After you run .train() on your simulation, you'll see a URL for your Pathmind experiment prompted:

>>> See your Pathmind experiment at:
	https://app.pathmind.com/editGoals/6190?experiment=17157

If you click on that link, you can start or stop the training, and see the results once the training procedure finished.

Running your simulation with a Pathmind Policy

Once your Pathmind experiment successfully completed, you want to see if it "works", i.e. if the trained policy gives you results you expect when running your simulation with it. To do this you essentially have two options, namely starting a policy server hosted by Pathmind, or running the model yourself locally. In the Pathmind web application you can choose between the two in your respective experiment.

AccessToken

Starting a Pathmind Policy Server

If you opt to work with the Pathmind-hosted solution, you can click on "Start Policy Server" on your experiment, which spins up a server hosting your Policy and an easy way to get actions for your simulation. All you need to run your simulation with a policy server is the url that server is running on and the api_key Pathmind provides you with. Please see this article for more details.

from my_sim import MySim
from pathmind.policy import Server

simulation = MySim()
policy = Server(url="<policy-server-url", api_key="<api-key>")
simulation.run(policy)

Running the model locally

If you opt to run the policy yourself locally, you have to click "Export Policy" in the web interface instead. This will give you a zip file that you need to unpack locally, next to your simulation code.

from my_sim import MySim
from pathmind.policy import Local

simulation = MySim()
policy = Local(model_file="<path-to-your-model-folder")
simulation.run(policy, out_csv="output.csv")

Using random actions for comparison

Sometimes you might want to run a policy against a baseline to see how it fares - and random actions are often a good such baseline. Random actions are also a good way to test-run your simulation.

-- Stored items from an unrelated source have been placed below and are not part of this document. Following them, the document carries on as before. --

Lemma sqnorm_mulmx_le_rayleigh z : sqnorm (A *m z) <= rho * sqnorm z.
Proof.
have [->|z_neq0] := eqVneq z 0; first by rewrite mulmx0 !sqnorm0 mulr0.
set s := Num.sqrt (sqnorm z).
have s_gt0 : 0 < s by rewrite sqrtr_gt0 lt0r sqnorm_ge0 sqnorm_eq0 z_neq0.
have s2 : s ^+ 2 = sqnorm z by rewrite sqr_sqrtr // sqnorm_ge0.
have : rayleigh_set (sqnorm (A *m (s^-1 *: z))).
  by exists (s^-1 *: z); rewrite // sqnormZ -s2 exprVn mulVf // expf_neq0 // gt_eqF.
move/(sup_upper_bound has_sup_rayleigh).
by rewrite -scalemxAr sqnormZ exprVn -s2 ler_pdivrMl ?exprn_gt0 // mulrC.
Qed.

Lemma eigenvalue_gram_rayleigh : eigenvalue B rho.
Proof.
set M := rho%:M - B.
have M_sym : M^T = M by rewrite /M linearB /= tr_scalar_mx trmx_mul trmxK.
have M_psd w : 0 <= qform M w w.
  by rewrite qform_gram_shift subr_ge0 sqnorm_mulmx_le_rayleigh.
apply/eqP; rewrite /eigenspace => ker0.
have M_unit : M \in unitmx.
  have -> : M = -1 *: (B - rho%:M) by rewrite scaleN1r opprB.
  by rewrite unitmxZ ?unitrN1 // -row_free_unit -kermx_eq0 ker0.
have [c c_ge0 coercive] := psd_unitmx_coercive M_sym M_psd M_unit.
have eps_gt0 : 0 < (c + 1)^-1 by rewrite invr_gt0; lra.
have [_ [z z1 <-] near_sup] := sup_adherent eps_gt0 has_sup_rayleigh.
have := coercive z; rewrite qform_gram_shift z1 mulr1.
have := sqnorm_mulmx_le_rayleigh z; rewrite z1 mulr1.
move: near_sup; set g := rho - sqnorm (A *m z).
rewrite ltrBlDr -ltrBlDl -/g -[X in g < X]mulr1 ltr_pdivlMl; last by lra.
move=> cg_lt1 q_le_rho; have g_ge0 : 0 <= g by rewrite subr_ge0.
nra.
Qed.
(* Let $X$ be a Hausdorff, locally compact, arc connected space with at least two points, let $\mathcal I$ be an ideal on $X$ and $\alpha$ an infinite cardinal. Then for all $a,b\in X$ the groups $\mathfrak P^\alpha_{\mathcal I}(X,a)$ and $\mathfrak P^\alpha_{\mathcal I}(X,b)$ are isomorphic.
   Context: A space is arc connected if any two distinct points $p,q$ are joined by a continuous injective map $h:[0,1]\to X$ with $h(0)=p$, $h(1)=q$. An ideal on a set $X$ is a nonempty family $\mathcal I$ of subsets of $X$ closed under finite unions and under taking subsets. For a nonzero cardinal $\alpha$ and an ideal $\mathcal I$ on $X$, a continuous map $f:Z\to X$ is an $\alpha\frac{\mathcal I}{}$map if there is $A\in\mathcal I$ such that for every $x\in X\setminus A$ one has $|f^{-1}(x)|\le\alpha$ when $\alpha$ is finite, and $|f^{-1}(x)|<\alpha$ when $\alpha$ is infinite. An $\alpha\frac{\mathcal I}{}$loop with base point $a$ is an $\alpha\frac{\mathcal I}{}$map $f:[0,1]\to X$ with $f(0)=f(1)=a$. $\mathfrak P^\alpha_{\mathcal I}(X,a)$ denotes the subgroup of $\pi_1(X,a)$ generated by the homotopy classes (rel endpoints) of all $\alpha\frac{\mathcal I}{}$loops with base point $a$. *)

From Stdlib Require Import Reals List.
Open Scope R_scope.

Record TopSpace := {
  carrier :> Type;
  is_open : (carrier -> Prop) -> Prop;
  open_full : is_open (fun _ => True);
  open_empty : is_open (fun _ => False);
  open_inter : forall U V, is_open U -> is_open V -> is_open (fun x => U x /\ V x);
  open_union : forall F : (carrier -> Prop) -> Prop,
      (forall U, F U -> is_open U) -> is_open (fun x => exists U, F U /\ U x)
}.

To use random actions, instead of a Pathmind Policy, to run your simulation use:

from my_sim import MySim

simulation = MySim()
simulation.run()

Discussion

The interface is inspired by OpenAI gym, but differs in certain points:

  • A Pathmind Simulation works for single and multiple agents.
  • You only define dictionaries of reward contributions, not a single reward value. Reward functions can be crafted the Pathmind app, without having to go back to your original Python implementation. If you don't provide any function, all contributions will be summed up by default
  • Similarly, you can provide as many useful observations as you like and later select which ones to use for training in the Pathmind app.
  • You can rely on Pathmind's scalable backend for training and don't have to run your workloads on your machine.

Development and running tests

Install the test dependencies:

pip install -e .[tests]

Run the tests locally:

pre-commit run --all-files
pytest

Troubleshooting

  • Setting up your simulation: try using debug mode with random actions. This will run your simulation for one episode and output the observations and actions at each step. simulation.run()

  • Uploading your simulation for training: If you're having issues uploading the simulation for training, you can enable debug-mode: simulation.train(debug_mode=True) . This will print the output from uploading and preserve the uploaded file as training.zip for you to inspect.